Identifying the type of scoliosis Richard suffered from and how it may have affected him was a truly interesting discovery. When scientists at the University of Leicester failed to deliver on their repeated promises of many more marvellous historical discoveries, they instead attempted to focus on an allegedly controversial break in paternity, allowing the media to capitalize on it and create as many lurid headlines as they could manage. They had no new significant findings about Richard III himself. Kevin Shurer is now attempting to trace the lineage of celebrities back to Richard III. A triumph in genealogical research indeed.

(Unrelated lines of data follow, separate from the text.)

(* Let $C$ be a copula and $\hat C(u,v)=u+v-1+C(1-u,1-v)$ its survival copula. Then for all $p,q\in[0,1]$, $$\lambda^{\hat C}(q|p)=\lambda^C(1-q|1-p),$$ in the sense that one side exists if and only if the other does, and then they are equal.
   Context: For a copula $C$ (bivariate distribution function on $[0,1]^2$ with uniform margins) and $p,q\in[0,1]$, the $(p,q)$-quantile dependence coefficient is $\lambda^C(q|p)=\lim_{t\to0^+}\frac{V_C([(p-t)^+,(p+t)^-]\times[(q-t)^+,(q+t)^-])}{(p+t)^- - (p-t)^+}$ when the limit exists, where $a^+=\max(a,0)$, $a^-=1-(1-a)^+$, and $V_C([u_1,u_2]\times[v_1,v_2])=C(u_2,v_2)-C(u_2,v_1)-C(u_1,v_2)+C(u_1,v_1)$. *)

From Stdlib Require Import Reals.
From Coquelicot Require Import Coquelicot.
Open Scope R_scope.

Definition ppart (a : R) : R := Rmax a 0.
Definition mpart (a : R) : R := 1 - ppart (1 - a).

Definition VC (C : R -> R -> R) (u1 u2 v1 v2 : R) : R :=
  C u2 v2 - C u2 v1 - C u1 v2 + C u1 v1.

(* A copula: a function on [0,1]^2 (values outside are irrelevant),
   grounded, with uniform margins, and 2-increasing. *)
Definition is_copula (C : R -> R -> R) : Prop :=
  (forall u, 0 <= u <= 1 -> C u 0 = 0 /\ C 0 u = 0) /\
  (forall u, 0 <= u <= 1 -> C u 1 = u /\ C 1 u = u) /\
  (forall u1 u2 v1 v2, 0 <= u1 -> u1 <= u2 -> u2 <= 1 ->
     0 <= v1 -> v1 <= v2 -> v2 <= 1 -> 0 <= VC C u1 u2 v1 v2).

Definition survival (C : R -> R -> R) : R -> R -> R :=
  fun u v => u + v - 1 + C (1 - u) (1 - v).

(* the difference quotient whose limit as t -> 0+ is lambda^C(q|p) *)
Definition qdc_quot (C : R -> R -> R) (p q t : R) : R :=
  VC C (ppart (p - t)) (mpart (p + t)) (ppart (q - t)) (mpart (q + t))
  / (mpart (p + t) - ppart (p - t)).

Definition has_qdc (C : R -> R -> R) (p q l : R) : Prop :=
  filterlim (qdc_quot C p q) (at_right 0) (locally l).

(** The survival copula assigns to a rectangle the C-volume of its image under
    the point reflection (u, v) |-> (1 - u, 1 - v); since the truncated window
    [(p - t)^+, (p + t)^-] reflects onto [(1 - p - t)^+, (1 - p + t)^-], the two
    difference quotients coincide for every t, and so do their limits. *)

From Stdlib Require Import Reals.
From Coquelicot Require Import Coquelicot.
Open Scope R_scope.

Lemma ppart_reflect (a : R) : ppart (1 - a) = 1 - mpart a.
Proof. unfold mpart; ring. Qed.

Lemma mpart_reflect (a : R) : mpart (1 - a) = 1 - ppart a.
Proof. unfold mpart; do 2 f_equal; ring. Qed.

Lemma VC_survival (C : R -> R -> R) (u1 u2 v1 v2 : R) :
  VC (survival C) u1 u2 v1 v2 = VC C (1 - u2) (1 - u1) (1 - v2) (1 - v1).
Proof. unfold VC, survival; ring. Qed.

(** No copula property is needed: the identity holds for any function [C]. *)
Lemma qdc_quot_survival (C : R -> R -> R) (p q t : R) :
  qdc_quot (survival C) p q t = qdc_quot C (1 - p) (1 - q) t.
Proof.
  unfold qdc_quot; rewrite VC_survival.
  replace (p - t) with (1 - (1 - p + t)) by ring.
  replace (p + t) with (1 - (1 - p - t)) by ring.
  replace (q - t) with (1 - (1 - q + t)) by ring.
  replace (q + t) with (1 - (1 - q - t)) by ring.
  rewrite !ppart_reflect, !mpart_reflect.
  unfold Rdiv; do 2 f_equal; ring.
Qed.

Theorem proposition5 (C : R -> R -> R) (HC : is_copula C) (p q : R)
  (Hp : 0 <= p <= 1) (Hq : 0 <= q <= 1) :
  forall l : R, has_qdc (survival C) p q l <-> has_qdc C (1 - p) (1 - q) l.
Proof.
  intro l; unfold has_qdc; split; apply filterlim_ext;
    intro t; rewrite qdc_quot_survival; reflexivity.
Qed.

Popular historian Dan Jones then chimed in, claiming that those who object to disturbing the dead are “squeamish and prissy” and asking if it was time to “look inside that urn in Westminster Abbey containing the supposed remains of the princes in the Tower? Or to stick a camera inside Elizabeth I’s tomb?”1 Perhaps the Bisley Boy theory has him enchanted.
It’s inevitable that the subject of the remains alleged to be King Edward V’s and Richard Duke of York’s in the urn in Westminster Abbey would be broached. Queen Elizabeth II and the Church of England have repeatedly refused requests to examine the remains. And it is no wonder. There may be some fragments of animal bones left in the urn, who knows what the media will come up with?
An endlessly long line of historians have stated it is possible that the remains found in the Tower of London in 1674 belong to King Edward V and Richard Duke of York. It’s about time we let go of an idea that has no basis in fact.
The facts are that King Edward V’s and Richard Duke of York’s graves have never been discovered, and their remains do not lie in an urn in Westminster Abbey.
“At the stayre foote, metely depe in the grounde”
Thomas More’s brilliant discourse against tyranny, The History of Richard III, is at the root of this myth. More himself would probably be mystified that his dramatic interpretation of the alleged murder of Edward V and Richard Duke of York would be used as historical evidence a few centuries later. More’s historians will point out that he did have access to reliable oral sources, various men and women who had lived through Richard III’s reign. His historians also examine literary influences on his work such as Suetonius, Tacitus and Sallust, Seneca, Plautus and Euripides, and even the medieval mystery plays that More himself loved to write and act in as a young boy. More’s History of King Richard III is usually viewed as a moral anecdote, a rhetorical exercise. Peter Ackroyd has even suggested it “may have been the basis of exercises given to his own school or even to the boys of St Paul’s: there is a sudden reference to a ‘scole master of Poules” for no good reason.”2 Tyranny was a recurring theme in More’s work, and as Richard Sylvester points out “a subject for philosophical meditation as well as an ever-present danger in the kingdom.”3 On the other hand, some examining the mystery of ‘The Princes in the Tower’ will use selective phrases from More to validate the discovery of a pair of children’s skeletons found in the Tower of London in 1674.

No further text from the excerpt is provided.